*YOUR GOAL*
All lines in the records that carry the string "operator" are to be shown.
Start of DATA FOR PROCESSING
(* Let $\Xi=\langle\Sigma,\mathcal{A}\rangle$ be a planning domain in which every action has cost $1$, $\mathcal{I}\subseteq\Sigma$ an initial state, $\mathcal{G}$ a finite set of candidate goals containing the actual goal $G^*$, and $O=\langle o_1,\dots,o_n\rangle$, $n\ge 1$, the complete (100\%) sequence of observations, i.e. $O$ is itself a plan that leads from $\mathcal{I}$ to a state satisfying $G^*$. For each $G\in\mathcal{G}$, let $C^G$ be a set of operator-counting constraints for $\mathcal{I}$ with respect to the planning instance $\langle\Xi,\mathcal{I},G\rangle$, let $k_a$ be the number of occurrences of action $a$ in $O$, and let $h_{hc}^G$ be the optimal value (or $\infty$ if infeasible) of the linear program: minimize $\sum_{a\in\mathcal{A}}\mathsf{Y}_a$ subject to $C^G$, $\mathsf{Y}_a\ge 0$ and $\mathsf{Y}_a\ge k_a$ for all $a\in\mathcal{A}$. Let $m=\min_{G\in\mathcal{G}}h_{hc}^G$, $U=1+\frac{m-|O|}{m}$, and let the returned set be $R=\{G\in\mathcal{G} : h_{hc}^G\le m\cdot U\}$. Then $G^*\in R$.
   Context: An $s$-plan for an instance $\langle\Xi,\mathcal{I},G\rangle$ is a valid action sequence from state $s$ to a state satisfying $G$; for such a plan $\pi$, $\mathsf{Y}^\pi_a$ is the number of occurrences of $a$ in $\pi$. Given non-negative variables including $\mathsf{Y}_a$ for each $a\in\mathcal{A}$ (plus possibly auxiliary variables), a set of linear inequalities is an operator-counting constraint for $s$ if for every $s$-plan $\pi$ there is a feasible solution with $\mathsf{Y}_a=\mathsf{Y}^\pi_a$ for all $a$. The set $R$ is the output of the paper's goal recognition procedure using the hard-constrained heuristic $h_{hc}$ and the uncertainty ratio $U$. *)

From HB Require Import structures.
From mathcomp Require Import all_boot all_order all_algebra.
From mathcomp Require Import boolp classical_sets reals constructive_ereal ereal.
Set Implicit Arguments. Unset Strict Implicit. Unset Printing Implicit Defensive.
Import Order.TTheory GRing.Theory Num.Theory.
Local Open Scope classical_set_scope.
Local Open Scope ring_scope.

(* Sigma = the finite set of facts F; states are subsets of F; actions A. *)
Record domain (F A : finType) := Domain {
  pre : A -> {set F};
  add : A -> {set F};
  del : A -> {set F} }.

Fixpoint exec (F A : finType) (D : domain F A) (s : {set F}) (pi : seq A)
  : option {set F} :=
  match pi with
  | [::] => Some s
  | a :: pi' => if pre D a \subset s
                then exec D ((s :\: del D a) :|: add D a) pi'
                else None
  end.

Definition is_plan (F A : finType) (D : domain F A) (s G : {set F}) (pi : seq A) : Prop :=
  exists s', exec D s pi = Some s' /\ G \subset s'.

Definition occ (A : finType) (R : realType) (pi : seq A) : A -> R :=
  fun a => (count_mem a pi)%:R.

Record lin_ineq (A : finType) (R : realType) (p : nat) := LinIneq {
  cY : A -> R;
  cZ : 'I_p -> R;
  rhs : R }.

Record constr_set (A : finType) (R : realType) := ConstrSet {
  naux : nat;
  ncons : nat;
  con : 'I_ncons -> lin_ineq A R naux }.

Definition sat_ineq (A : finType) (R : realType) (p : nat) (c : lin_ineq A R p)
  (Y : A -> R) (Z : 'I_p -> R) : Prop :=
  rhs c <= \sum_a cY c a * Y a + \sum_j cZ c j * Z j.

Definition feasible (A : finType) (R : realType) (C : constr_set A R)
  (Y : A -> R) (Z : 'I_(naux C) -> R) : Prop :=
  (forall a, 0 <= Y a) /\ (forall j, 0 <= Z j) /\
  (forall i, sat_ineq (@con _ _ C i) Y Z).

Definition is_opc (F A : finType) (R : realType) (D : domain F A) (s G : {set F})
  (C : constr_set A R) : Prop :=
  forall pi, is_plan D s G pi -> exists Z, @feasible _ _ C (occ R pi) Z.

Definition h_hc (A : finType) (R : realType) (C : constr_set A R) (k : A -> R) : \bar R :=
  ereal_inf [set (\sum_a Y a)%:E | Y in
               [set Y | exists Z, @feasible _ _ C Y Z /\ (forall a, k a <= Y a)]].

Section Recognition.
Variables (F A : finType) (R : realType).
Variables (cands : {set {set F}}) (C : {set F} -> constr_set A R) (O : seq A).

Definition hG (G : {set F}) : \bar R := h_hc (C G) (occ R O).

Definition m_min : \bar R := ereal_inf [set hG G | G in [set G | G \in cands]].

(* threshold m * U, where U = 1 + (m - |O|)/m.  If m = +oo (or -oo), the threshold
   is taken to be m itself (degenerate case, cannot occur under the hypotheses). *)
Definition threshold : \bar R :=
  match m_min with
  | EFin r => (r * (1 + (r - (size O)%:R) / r))%:E
  | x => x
  end.

Definition recognized : set {set F} :=
  [set G | G \in cands /\ (hG G <= threshold)%E].
End Recognition.

(* With complete observations the counts k_a sum to |O|, so the hard constraints
   Y_a >= k_a force h_hc^G >= |O| for every goal G.  Since O is itself a plan for
   G*, the vector Y = k is feasible for the operator-counting constraints of G*,
   whence h_hc^{G*} <= |O|.  Thus m = h_hc^{G*} = |O|, the uncertainty ratio is
   U = 1, and G* meets the threshold m * U = |O|. *)
From HB Require Import structures.
From mathcomp Require Import all_boot all_order all_algebra.
From mathcomp Require Import boolp classical_sets reals constructive_ereal ereal.
Set Implicit Arguments. Unset Strict Implicit. Unset Printing Implicit Defensive.
Import Order.TTheory GRing.Theory Num.Theory.
Local Open Scope classical_set_scope.
Local Open Scope ring_scope.

Lemma sum_count_mem (A : finType) (s : seq A) :
  (\sum_a count_mem a s)%N = size s.
Proof.
elim: s => [|x s IHs] /=; first by rewrite big1.
rewrite big_split /= IHs (bigD1 x) //= eqxx big1 ?addn0 // => b /negbTE.
by rewrite eq_sym => ->.
Qed.

Lemma sum_occ (A : finType) (R : realType) (s : seq A) :
  \sum_a occ R s a = (size s)%:R.
Proof. by rewrite /occ -natr_sum sum_count_mem. Qed.

Section HardConstrainedHeuristic.
Variables (A : finType) (R : realType) (C : constr_set A R).

Lemma h_hc_ge_sum (k : A -> R) : ((\sum_a k a)%:E <= h_hc C k)%E.
Proof.
apply: le_ereal_inf_tmp => _ [Y [Z [_ le_kY]] <-].
by rewrite lee_fin; apply: ler_sum => a _; apply: le_kY.
Qed.

Lemma h_hc_le_feasible (k Y : A -> R) (Z : 'I_(naux C) -> R) :
  @feasible _ _ C Y Z -> (forall a, k a <= Y a) -> (h_hc C k <= (\sum_a Y a)%:E)%E.
Proof. by move=> feasYZ le_kY; apply: ereal_inf_lbound; exists Y => //; exists Z. Qed.

Lemma h_hc_occ_ge_size (s : seq A) : (((size s)%:R)%:E <= h_hc C (occ R s))%E.
Proof. by rewrite -sum_occ; apply: h_hc_ge_sum. Qed.

Lemma h_hc_occ_plan (F : finType) (D : domain F A) (I G : {set F}) (pi : seq A) :
  is_opc D I G C -> is_plan D I G pi -> h_hc C (occ R pi) = ((size pi)%:R)%:E.
Proof.
move=> opcC plan_pi; apply/le_anti/andP; split; last exact: h_hc_occ_ge_size.
have [Z feasZ] := opcC _ plan_pi.
by rewrite -sum_occ; apply: h_hc_le_feasible feasZ _.
Qed.

End HardConstrainedHeuristic.

Lemma m_min_attained (F A : finType) (R : realType) (cands : {set {set F}})
    (C : {set F} -> constr_set A R) (O : seq A) (G : {set F}) :
  G \in cands -> (forall G', (hG C O G <= hG C O G')%E) ->
  m_min cands C O = hG C O G.
Proof.
move=> candG minG; apply/le_anti/andP; split.
  by apply: ereal_inf_lbound; exists G.
by apply: le_ereal_inf_tmp => _ [G' _ <-].
Qed.

(* The ratio (r - r) / r vanishes even for r = 0, where division returns 0. *)
Lemma threshold_size (F A : finType) (R : realType) (cands : {set {set F}})
    (C : {set F} -> constr_set A R) (O : seq A) :
  m_min cands C O = ((size O)%:R)%:E -> threshold cands C O = ((size O)%:R)%:E.
Proof. by rewrite /threshold => ->; rewrite subrr mul0r addr0 mulr1. Qed.

Theorem proposition2 (F A : finType) (R : realType) (D : domain F A)
  (I : {set F}) (cands : {set {set F}}) (Gstar : {set F}) (O : seq A)
  (C : {set F} -> constr_set A R) :
  Gstar \in cands ->
  (0 < size O)%N ->
  is_plan D I Gstar O ->
  (forall G, G \in cands -> is_opc D I G (C G)) ->
  recognized cands C O Gstar.
Proof.
move=> candGstar _ plan_O opcC.
have hGstar : hG C O Gstar = ((size O)%:R)%:E.
  exact: h_hc_occ_plan (opcC _ candGstar) plan_O.
have m_size : m_min cands C O = ((size O)%:R)%:E.
  by rewrite -hGstar; apply: m_min_attained => // G; rewrite hGstar h_hc_occ_ge_size.
by split => //; rewrite (threshold_size m_size) hGstar.
Qed.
End of DATA FOR PROCESSING
*SOLUTION FOR THIS EXERCISE*
(* Let $\Xi=\langle\Sigma,\mathcal{A}\rangle$ be a planning domain in which every action has cost $1$, $\mathcal{I}\subseteq\Sigma$ an initial state, $\mathcal{G}$ a finite set of candidate goals containing the actual goal $G^*$, and $O=\langle o_1,\dots,o_n\rangle$, $n\ge 1$, the complete (100\%) sequence of observations, i.e. $O$ is itself a plan that leads from $\mathcal{I}$ to a state satisfying $G^*$. For each $G\in\mathcal{G}$, let $C^G$ be a set of operator-counting constraints for $\mathcal{I}$ with respect to the planning instance $\langle\Xi,\mathcal{I},G\rangle$, let $k_a$ be the number of occurrences of action $a$ in $O$, and let $h_{hc}^G$ be the optimal value (or $\infty$ if infeasible) of the linear program: minimize $\sum_{a\in\mathcal{A}}\mathsf{Y}_a$ subject to $C^G$, $\mathsf{Y}_a\ge 0$ and $\mathsf{Y}_a\ge k_a$ for all $a\in\mathcal{A}$. Let $m=\min_{G\in\mathcal{G}}h_{hc}^G$, $U=1+\frac{m-|O|}{m}$, and let the returned set be $R=\{G\in\mathcal{G} : h_{hc}^G\le m\cdot U\}$. Then $G^*\in R$.
   Context: An $s$-plan for an instance $\langle\Xi,\mathcal{I},G\rangle$ is a valid action sequence from state $s$ to a state satisfying $G$; for such a plan $\pi$, $\mathsf{Y}^\pi_a$ is the number of occurrences of $a$ in $\pi$. Given non-negative variables including $\mathsf{Y}_a$ for each $a\in\mathcal{A}$ (plus possibly auxiliary variables), a set of linear inequalities is an operator-counting constraint for $s$ if for every $s$-plan $\pi$ there is a feasible solution with $\mathsf{Y}_a=\mathsf{Y}^\pi_a$ for all $a$. The set $R$ is the output of the paper's goal recognition procedure using the hard-constrained heuristic $h_{hc}$ and the uncertainty ratio $U$. *)
   G*, the vector Y = k is feasible for the operator-counting constraints of G*,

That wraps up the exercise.